Neo, there’s something “off” with your link to Thomas White– the highlighted words come directly back to your post.
In C S Lewis’s novel That Hideous Strength, the protagonist is a young sociologist who becomes increasingly involved with a very evil organization:
“This was the first thing Mark had been asked to do which he himself, before he did it, clearly knew to be criminal. But the moment of his consent almost escaped his notice; certainly, there was no struggle, no sense of turning a corner. There may have been a time in the world’s history when such moments fully revealed their gravity, with witches prophesying on a blasted heath or visible Rubicons to be crossed. But, for him, it all slipped past in a chatter of laughter, of that intimate laughter between fellow professionals, which of all earthly powers is strongest to make men do very bad things before they are yet, individually, very bad men.”
in so far as he wrote the wansee protocols, that dictated how many people would be killed, it strikes me how anyone could fall for the ‘banality of evil’ trope, his interviewer the dutch nazi sassen, had a son who was an arms dealer to places like the balkans some 40 years later,
Conjecture: Arendt’s unfortunate phrase has been widely misunderstood and therefore mocked and criticize; but she is in large part responsibility for that lack of clarity.
According to this conjecture, it would seem she meant “the SEEMING banality of evil”, since the Eichmann she witnessed looked, spoke and ACTED like a shlub of a bureaucrat.
Alas, evil can NEVER be banal, and certainly not the kind of evil that was Eichmann’s forte and trademark—which she something MUST have known. She after all is not everyone…
Hence, “the SEEMING…”
OTOH, maybe she didn’t know. Or didn’t want to know… Maybe with all that searing intelligence and formidable analytic ability, empathy was not her strong suit…
Maybe she was morally compromised by past loves and/or antagonistic to Jews in police uniforms staging a trial and trying, in her view, to squeeze the most out of it.

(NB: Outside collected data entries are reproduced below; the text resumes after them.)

Lemma prints_over_push e bot ops w :
  prints_over [:: e] ops w -> prints_over bot (Push e :: ops ++ [:: Pop]) w.
Proof. by move=> r st; rewrite /= run_cat (r (bot ++ st)) /= cats0. Qed.

End StackMachine.

Section OsgGrammar.
Variable Sigma : finType.
Local Notation N := (option (option Sigma)).
Implicit Types (Z X : N) (b : option Sigma) (ops : seq (stack_op Sigma)) (w : seq Sigma).

Definition bin_score Z b : nat := if (Z == Some b) || (b == None) then 0 else 2.
Definition term_score Z (c : Sigma) : nat := if Z == Some (Some c) then 1 else 3.

Definition osg_bins : seq (N * N * N * nat) :=
  [seq (Z, Some b, Some b, bin_score Z b) | Z <- enum {: N}, b <- enum {: option Sigma}].
Definition osg_terms : seq (N * Sigma * nat) :=
  [seq (Z, c, term_score Z c) | Z <- enum {: N}, c <- enum Sigma].

Definition osg_grammar : scored_cnf Sigma := ScoredCNF None osg_bins osg_terms (Some 0).
Local Notation G := osg_grammar.
Local Notation derives := (@Defs.derives _ osg_grammar).

Lemma mem_osg_bins Z X Y s : (Z, X, Y, s) \in osg_bins ->
  exists b, [/\ X = Some b, Y = Some b & s = bin_score Z b].
Proof. by case/allpairsP=> [[Z' b] [_ _ /= [-> -> -> ->]]]; exists b. Qed.

Lemma osg_bins_mem Z b : (Z, Some b, Some b, bin_score Z b) \in osg_bins.
Proof. by apply/allpairsP; exists (Z, b); rewrite !mem_enum. Qed.

Lemma mem_osg_terms Z c s : (Z, c, s) \in osg_terms -> s = term_score Z c.
Proof. by case/allpairsP=> [[Z' c'] [_ _ /= [-> -> ->]]]. Qed.

Lemma osg_terms_mem Z c : (Z, c, term_score Z c) \in osg_terms.
Proof. by apply/allpairsP; exists (Z, c); rewrite !mem_enum. Qed.

Lemma osg_grammar_cnf : is_cnf G.
Proof. by move=> Z X Y s /mem_osg_bins [b [-> -> _]]. Qed.

Lemma osg_grammar_size : grammar_size G <= 5 * (#|Sigma| + 1) ^ 2.
Proof.
by rewrite /grammar_size /= !size_allpairs -!cardE !card_option; move: #|Sigma| => n; nia.
Qed.

Definition bottom X : seq Sigma := if X is Some b then seq_of_opt b else [::].

Lemma derives_prints_over X w s :
  derives X w s -> exists2 ops, prints_over (bottom X) ops w & size ops = s.
Proof.
elim=> {X w s} [Z c _ /mem_osg_terms -> | Z _ _ _ u v s1 s2 /mem_osg_bins [b [-> -> ->]]
  _ [o1 r1 <-] _ [o2 r2 <-] | _ [<-]]; last by exists [::].
- rewrite /term_score; case: eqP => [-> | _]; first by exists [:: Emit].
  by exists (spell [:: c]) => // st; rewrite run_spell.
- rewrite /bin_score; case: ifP => [/orP same_or_free | ].
  + have lift o w : prints_over (bottom (Some b)) o w -> prints_over (bottom Z) o w.
      by case: same_or_free => /eqP -> // r st; apply: r.
    by exists (o1 ++ o2); [apply: prints_over_cat; apply: lift | rewrite size_cat].
  + case: b r1 r2 => [e|] r1 r2; rewrite ?orbT // => _.
    exists (Push e :: (o1 ++ o2) ++ [:: Pop]); first exact/prints_over_push/prints_over_cat.
    by rewrite /= !size_cat addnC.
Qed.

Definition generates_from X ops w := run (bottom X) ops = Some (bottom X, w).

Lemma derives_sound X w s :
  derives X w s -> exists2 ops, generates_from X ops w & size ops = s.
Proof.
case/derives_prints_over=> ops r <-; exists ops => //.
by rewrite /generates_from -[bottom X]cats0.
Qed.

Lemma term_score_reroot Z b c : term_score Z c <= term_score (Some b) c + bin_score Z b.
Proof.
rewrite /term_score /bin_score; case: (Z =P Some b) => [-> | _]; first by rewrite addn0.
by case: (b =P None) => [-> | _] /=; do !case: ifP.
Qed.

Lemma bin_score_reroot Z b b' : bin_score Z b' <= bin_score (Some b) b' + bin_score Z b.
Proof.
rewrite /bin_score; case: b' => [d|]; last by rewrite eqxx !orbT.
rewrite !orbF; have [->|nZb] := eqVneq Z (Some b); first by rewrite addn0.
by case: b nZb => [e|] nZb /=; rewrite ?eqxx ?addn0 ?addn2; case: ifP.
Qed.

Lemma derives_reroot b Z w s :
  derives (Some b) w s -> exists2 s', s' <= s + bin_score Z b & derives Z w s'.
Proof.
move e_X: (Some b) => X d; case: d e_X => [_ c _ /mem_osg_terms -> <- | _ _ _ _ u v s1 s2
  /mem_osg_bins [b' [-> -> ->]] d1 d2 <- | //].
- by exists (term_score Z c); [exact: term_score_reroot | apply/der_term/osg_terms_mem].
- exists (bin_score Z b' + s1 + s2); last exact: (@der_bin _ G) (osg_bins_mem Z b') d1 d2.
  by have := bin_score_reroot Z b b'; lia.
Qed.

Lemma derives_emit d : derives (Some (Some d)) [:: d] 1.
Proof.
by have := (@der_term _ G) _ _ _ (osg_terms_mem (Some (Some d)) d); rewrite /term_score eqxx.
Qed.

(* The empty word is admitted although only the start symbol derives it: this
   makes [derivable_le] closed under concatenation. *)
Definition derivable_le X w n := w = [::] \/ exists2 s, s <= n & derives X w s.

Lemma derivable_le_mono X w n n' : n <= n' -> derivable_le X w n -> derivable_le X w n'.
Proof.
by move=> le_n [-> | [s le_s d]]; [left | right; exists s => //; apply: leq_trans le_n].
Qed.

Lemma derivable_le_reroot b Z w n :
  derivable_le (Some b) w n -> derivable_le Z w (n + bin_score Z b).
Proof.
case=> [-> | [s le_s /(derives_reroot Z) [s' le_s' d]]]; [by left | right; exists s' => //].
by apply: leq_trans le_s' _; rewrite leq_add2r.
Qed.

Lemma derivable_le_cat b w1 w2 n1 n2 :
  derivable_le (Some b) w1 n1 -> derivable_le (Some b) w2 n2 ->
  derivable_le (Some b) (w1 ++ w2) (n1 + n2).
Proof.
case=> [-> | [s1 le_s1 d1]]; first by apply: derivable_le_mono; rewrite leq_addl.
case=> [-> | [s2 le_s2 d2]].
  by rewrite cats0; apply: derivable_le_mono (leq_addr _ _) _; right; exists s1.
right; exists (bin_score (Some b) b + s1 + s2).
- by rewrite /bin_score eqxx /=; lia.
- exact: (@der_bin _ G) (osg_bins_mem _ b) d1 d2.
Qed.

The point is, that while the filmed interview is fascinating, it is entirely NOT necessary for any normal person to see (or read) it so as to form an opinion on this mass killer.
“I killed X-hundred thousand people (or X-million people) because I was simply following orders.”
Huh??
Which is why it is absolutely unsurprising to officially “learn” that he was proud of his work and had no regrets.
The only astounding thing is that he agreed to say this all on film.
But then…it is not astounding at all…simply because that’s who he is. And proud—even ecstatic—of what he was able to accomplish.
Well he fooled Arendt, didn’t he.
But one could say that a lot of people get fooled by psychopaths and/or perhaps that Arendt wasn’t “at the top of her game”, or that she herself had “issues” with the whole gestalt of it.
But her lack of clarity, if it was that, has caused a lot of controversy.
(And of course, I could be wrong about everything here…)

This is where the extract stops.